» **ASSIGNED TASK**:
Look below for the lines from the one with "apply imply_to_and in Hi;" to the one with "destruct (survivor_has_witness alpha beta _", and copy exactly those lines, both ends included.

[Start of section]

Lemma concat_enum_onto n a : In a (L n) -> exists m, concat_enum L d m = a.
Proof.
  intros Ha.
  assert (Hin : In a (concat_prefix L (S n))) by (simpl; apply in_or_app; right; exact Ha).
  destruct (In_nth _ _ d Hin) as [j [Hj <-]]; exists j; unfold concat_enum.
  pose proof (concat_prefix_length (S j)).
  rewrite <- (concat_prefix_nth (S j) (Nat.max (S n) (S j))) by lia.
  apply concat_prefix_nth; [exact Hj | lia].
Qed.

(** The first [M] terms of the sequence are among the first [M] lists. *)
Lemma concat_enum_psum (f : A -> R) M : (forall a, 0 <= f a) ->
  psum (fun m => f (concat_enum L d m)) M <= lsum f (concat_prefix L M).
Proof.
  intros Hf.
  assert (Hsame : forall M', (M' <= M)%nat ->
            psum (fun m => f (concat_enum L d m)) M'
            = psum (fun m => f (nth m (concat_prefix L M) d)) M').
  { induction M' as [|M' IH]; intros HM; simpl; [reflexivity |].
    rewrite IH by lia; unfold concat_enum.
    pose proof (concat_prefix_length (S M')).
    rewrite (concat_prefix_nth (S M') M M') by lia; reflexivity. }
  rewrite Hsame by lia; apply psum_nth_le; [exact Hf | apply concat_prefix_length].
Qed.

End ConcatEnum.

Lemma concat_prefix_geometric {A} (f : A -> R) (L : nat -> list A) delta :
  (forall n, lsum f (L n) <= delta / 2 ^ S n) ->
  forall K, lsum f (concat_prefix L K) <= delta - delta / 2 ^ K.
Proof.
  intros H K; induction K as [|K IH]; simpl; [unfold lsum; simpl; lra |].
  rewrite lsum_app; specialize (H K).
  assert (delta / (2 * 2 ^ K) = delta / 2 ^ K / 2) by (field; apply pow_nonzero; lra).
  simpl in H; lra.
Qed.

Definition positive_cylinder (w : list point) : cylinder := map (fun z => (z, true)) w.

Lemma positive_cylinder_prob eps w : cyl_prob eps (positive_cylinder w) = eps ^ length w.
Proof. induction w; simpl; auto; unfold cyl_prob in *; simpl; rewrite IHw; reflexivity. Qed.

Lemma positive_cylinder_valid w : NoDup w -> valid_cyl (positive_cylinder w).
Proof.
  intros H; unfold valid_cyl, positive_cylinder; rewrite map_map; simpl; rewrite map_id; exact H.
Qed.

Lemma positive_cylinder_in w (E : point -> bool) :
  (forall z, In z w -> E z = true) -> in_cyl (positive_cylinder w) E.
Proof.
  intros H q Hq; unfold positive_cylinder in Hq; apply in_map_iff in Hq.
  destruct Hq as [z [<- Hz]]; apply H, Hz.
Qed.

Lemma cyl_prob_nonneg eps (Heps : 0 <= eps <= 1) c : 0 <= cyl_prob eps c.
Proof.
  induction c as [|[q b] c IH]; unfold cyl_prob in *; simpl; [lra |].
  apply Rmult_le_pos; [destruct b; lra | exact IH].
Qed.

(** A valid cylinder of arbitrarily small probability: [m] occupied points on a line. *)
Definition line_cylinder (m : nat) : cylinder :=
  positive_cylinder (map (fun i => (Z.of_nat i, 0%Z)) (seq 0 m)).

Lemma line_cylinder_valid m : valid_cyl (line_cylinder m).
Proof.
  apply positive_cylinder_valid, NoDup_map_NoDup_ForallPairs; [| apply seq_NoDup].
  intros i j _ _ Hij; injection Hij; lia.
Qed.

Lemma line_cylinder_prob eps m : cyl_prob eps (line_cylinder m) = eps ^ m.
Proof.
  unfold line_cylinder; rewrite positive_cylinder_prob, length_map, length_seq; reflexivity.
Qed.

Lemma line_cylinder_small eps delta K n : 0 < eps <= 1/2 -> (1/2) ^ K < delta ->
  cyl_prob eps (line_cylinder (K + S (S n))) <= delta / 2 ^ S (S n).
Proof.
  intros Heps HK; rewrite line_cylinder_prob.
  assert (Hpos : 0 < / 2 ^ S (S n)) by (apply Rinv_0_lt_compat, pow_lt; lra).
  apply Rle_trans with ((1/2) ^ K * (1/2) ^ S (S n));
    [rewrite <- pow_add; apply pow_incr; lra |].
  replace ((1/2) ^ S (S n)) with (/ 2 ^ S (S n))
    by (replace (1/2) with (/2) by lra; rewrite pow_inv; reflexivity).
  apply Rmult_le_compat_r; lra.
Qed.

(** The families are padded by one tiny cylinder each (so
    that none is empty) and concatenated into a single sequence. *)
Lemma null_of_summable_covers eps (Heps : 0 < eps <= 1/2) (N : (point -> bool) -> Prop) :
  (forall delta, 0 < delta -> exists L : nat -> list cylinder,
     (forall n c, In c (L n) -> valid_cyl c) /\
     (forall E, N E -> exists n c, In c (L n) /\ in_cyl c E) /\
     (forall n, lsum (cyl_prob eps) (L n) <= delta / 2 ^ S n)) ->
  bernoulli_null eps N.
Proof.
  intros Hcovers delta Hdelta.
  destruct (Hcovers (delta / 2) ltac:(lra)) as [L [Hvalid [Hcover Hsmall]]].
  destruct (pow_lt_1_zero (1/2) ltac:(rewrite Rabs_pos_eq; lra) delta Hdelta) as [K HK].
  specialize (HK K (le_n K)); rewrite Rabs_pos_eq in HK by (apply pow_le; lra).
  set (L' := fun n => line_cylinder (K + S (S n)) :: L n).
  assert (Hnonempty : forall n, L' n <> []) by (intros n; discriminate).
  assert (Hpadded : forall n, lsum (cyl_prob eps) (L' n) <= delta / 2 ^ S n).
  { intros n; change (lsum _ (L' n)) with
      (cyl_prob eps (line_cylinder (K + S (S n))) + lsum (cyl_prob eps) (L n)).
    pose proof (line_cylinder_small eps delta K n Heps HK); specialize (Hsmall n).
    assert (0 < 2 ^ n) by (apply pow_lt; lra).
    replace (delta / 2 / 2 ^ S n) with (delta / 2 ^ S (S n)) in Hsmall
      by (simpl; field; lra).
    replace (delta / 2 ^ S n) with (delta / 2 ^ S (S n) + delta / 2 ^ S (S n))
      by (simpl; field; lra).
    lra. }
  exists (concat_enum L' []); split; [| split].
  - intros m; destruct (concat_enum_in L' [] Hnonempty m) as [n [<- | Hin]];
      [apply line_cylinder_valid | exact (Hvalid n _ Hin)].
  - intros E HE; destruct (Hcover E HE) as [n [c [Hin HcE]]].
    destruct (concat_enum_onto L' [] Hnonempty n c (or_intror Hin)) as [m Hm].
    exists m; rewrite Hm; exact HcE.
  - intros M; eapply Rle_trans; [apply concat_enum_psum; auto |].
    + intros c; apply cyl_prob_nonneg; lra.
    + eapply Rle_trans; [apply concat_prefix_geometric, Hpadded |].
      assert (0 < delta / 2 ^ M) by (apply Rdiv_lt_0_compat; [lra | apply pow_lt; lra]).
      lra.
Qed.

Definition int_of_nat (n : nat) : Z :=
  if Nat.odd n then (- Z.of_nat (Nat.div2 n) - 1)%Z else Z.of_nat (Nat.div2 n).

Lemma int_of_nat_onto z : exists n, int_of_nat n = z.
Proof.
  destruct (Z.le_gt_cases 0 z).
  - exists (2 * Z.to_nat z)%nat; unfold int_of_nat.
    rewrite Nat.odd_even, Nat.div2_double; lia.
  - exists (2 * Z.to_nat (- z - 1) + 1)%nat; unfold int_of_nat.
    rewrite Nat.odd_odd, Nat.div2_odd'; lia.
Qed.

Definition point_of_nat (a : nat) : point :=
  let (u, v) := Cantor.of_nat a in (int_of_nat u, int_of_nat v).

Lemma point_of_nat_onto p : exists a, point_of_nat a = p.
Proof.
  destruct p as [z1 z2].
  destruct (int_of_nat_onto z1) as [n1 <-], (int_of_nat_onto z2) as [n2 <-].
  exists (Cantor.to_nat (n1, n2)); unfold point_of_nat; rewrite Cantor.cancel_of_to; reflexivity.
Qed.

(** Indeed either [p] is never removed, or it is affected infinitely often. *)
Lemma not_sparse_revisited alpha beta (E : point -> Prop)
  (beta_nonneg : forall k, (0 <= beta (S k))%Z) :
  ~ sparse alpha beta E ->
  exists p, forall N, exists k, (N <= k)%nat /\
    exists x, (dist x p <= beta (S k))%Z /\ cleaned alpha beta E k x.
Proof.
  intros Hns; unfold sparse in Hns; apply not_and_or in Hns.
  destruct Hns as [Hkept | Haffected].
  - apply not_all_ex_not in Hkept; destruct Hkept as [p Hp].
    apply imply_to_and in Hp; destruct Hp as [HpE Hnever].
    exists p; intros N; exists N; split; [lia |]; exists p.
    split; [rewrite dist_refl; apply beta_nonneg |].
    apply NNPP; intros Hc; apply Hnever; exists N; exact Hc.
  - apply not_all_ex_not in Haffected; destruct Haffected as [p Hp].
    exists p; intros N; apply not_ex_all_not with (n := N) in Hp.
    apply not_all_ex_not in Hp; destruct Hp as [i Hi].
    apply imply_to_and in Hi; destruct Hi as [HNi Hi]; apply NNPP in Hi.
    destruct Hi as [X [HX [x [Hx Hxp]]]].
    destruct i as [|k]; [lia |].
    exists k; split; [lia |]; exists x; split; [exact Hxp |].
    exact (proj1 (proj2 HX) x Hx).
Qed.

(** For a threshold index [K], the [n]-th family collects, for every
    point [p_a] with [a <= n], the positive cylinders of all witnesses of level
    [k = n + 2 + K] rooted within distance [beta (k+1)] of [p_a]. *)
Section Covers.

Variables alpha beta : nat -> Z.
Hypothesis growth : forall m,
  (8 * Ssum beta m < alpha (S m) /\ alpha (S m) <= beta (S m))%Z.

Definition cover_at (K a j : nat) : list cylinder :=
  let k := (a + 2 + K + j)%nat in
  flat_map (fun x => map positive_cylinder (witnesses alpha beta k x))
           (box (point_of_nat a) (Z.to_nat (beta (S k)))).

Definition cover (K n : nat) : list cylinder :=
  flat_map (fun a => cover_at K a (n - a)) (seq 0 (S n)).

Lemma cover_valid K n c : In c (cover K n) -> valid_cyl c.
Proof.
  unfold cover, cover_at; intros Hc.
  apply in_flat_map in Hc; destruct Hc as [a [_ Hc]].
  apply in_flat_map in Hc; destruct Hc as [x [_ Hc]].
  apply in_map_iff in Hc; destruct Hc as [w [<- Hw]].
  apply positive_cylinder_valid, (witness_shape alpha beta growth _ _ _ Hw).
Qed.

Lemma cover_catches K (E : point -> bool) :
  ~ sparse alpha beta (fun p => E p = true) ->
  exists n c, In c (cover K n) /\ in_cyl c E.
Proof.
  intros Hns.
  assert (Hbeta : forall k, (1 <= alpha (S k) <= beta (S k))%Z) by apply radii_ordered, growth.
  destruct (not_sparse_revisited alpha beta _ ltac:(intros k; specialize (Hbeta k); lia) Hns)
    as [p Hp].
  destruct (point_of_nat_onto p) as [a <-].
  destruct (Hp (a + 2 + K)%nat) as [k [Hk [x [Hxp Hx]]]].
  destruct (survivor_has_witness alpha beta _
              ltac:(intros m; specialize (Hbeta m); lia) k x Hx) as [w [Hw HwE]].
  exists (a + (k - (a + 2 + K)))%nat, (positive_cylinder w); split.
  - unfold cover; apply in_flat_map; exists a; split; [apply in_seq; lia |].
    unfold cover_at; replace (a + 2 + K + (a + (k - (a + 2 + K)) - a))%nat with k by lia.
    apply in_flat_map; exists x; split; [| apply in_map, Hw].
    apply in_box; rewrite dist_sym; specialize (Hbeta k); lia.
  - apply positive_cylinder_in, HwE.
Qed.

[End of section]

» **EXPECTED ANSWER**:
    apply imply_to_and in Hi; destruct Hi as [HNi Hi]; apply NNPP in Hi.
    destruct Hi as [X [HX [x [Hx Hxp]]]].
    destruct i as [|k]; [lia |].
    exists k; split; [lia |]; exists x; split; [exact Hxp |].
    exact (proj1 (proj2 HX) x Hx).
Qed.

(** For a threshold index [K], the [n]-th family collects, for every
    point [p_a] with [a <= n], the positive cylinders of all witnesses of level
    [k = n + 2 + K] rooted within distance [beta (k+1)] of [p_a]. *)
Section Covers.

Variables alpha beta : nat -> Z.
Hypothesis growth : forall m,
  (8 * Ssum beta m < alpha (S m) /\ alpha (S m) <= beta (S m))%Z.

Definition cover_at (K a j : nat) : list cylinder :=
  let k := (a + 2 + K + j)%nat in
  flat_map (fun x => map positive_cylinder (witnesses alpha beta k x))
           (box (point_of_nat a) (Z.to_nat (beta (S k)))).

Definition cover (K n : nat) : list cylinder :=
  flat_map (fun a => cover_at K a (n - a)) (seq 0 (S n)).

Lemma cover_valid K n c : In c (cover K n) -> valid_cyl c.
Proof.
  unfold cover, cover_at; intros Hc.
  apply in_flat_map in Hc; destruct Hc as [a [_ Hc]].
  apply in_flat_map in Hc; destruct Hc as [x [_ Hc]].
  apply in_map_iff in Hc; destruct Hc as [w [<- Hw]].
  apply positive_cylinder_valid, (witness_shape alpha beta growth _ _ _ Hw).
Qed.

Lemma cover_catches K (E : point -> bool) :
  ~ sparse alpha beta (fun p => E p = true) ->
  exists n c, In c (cover K n) /\ in_cyl c E.
Proof.
  intros Hns.
  assert (Hbeta : forall k, (1 <= alpha (S k) <= beta (S k))%Z) by apply radii_ordered, growth.
  destruct (not_sparse_revisited alpha beta _ ltac:(intros k; specialize (Hbeta k); lia) Hns)
    as [p Hp].
  destruct (point_of_nat_onto p) as [a <-].
  destruct (Hp (a + 2 + K)%nat) as [k [Hk [x [Hxp Hx]]]].
  destruct (survivor_has_witness alpha beta _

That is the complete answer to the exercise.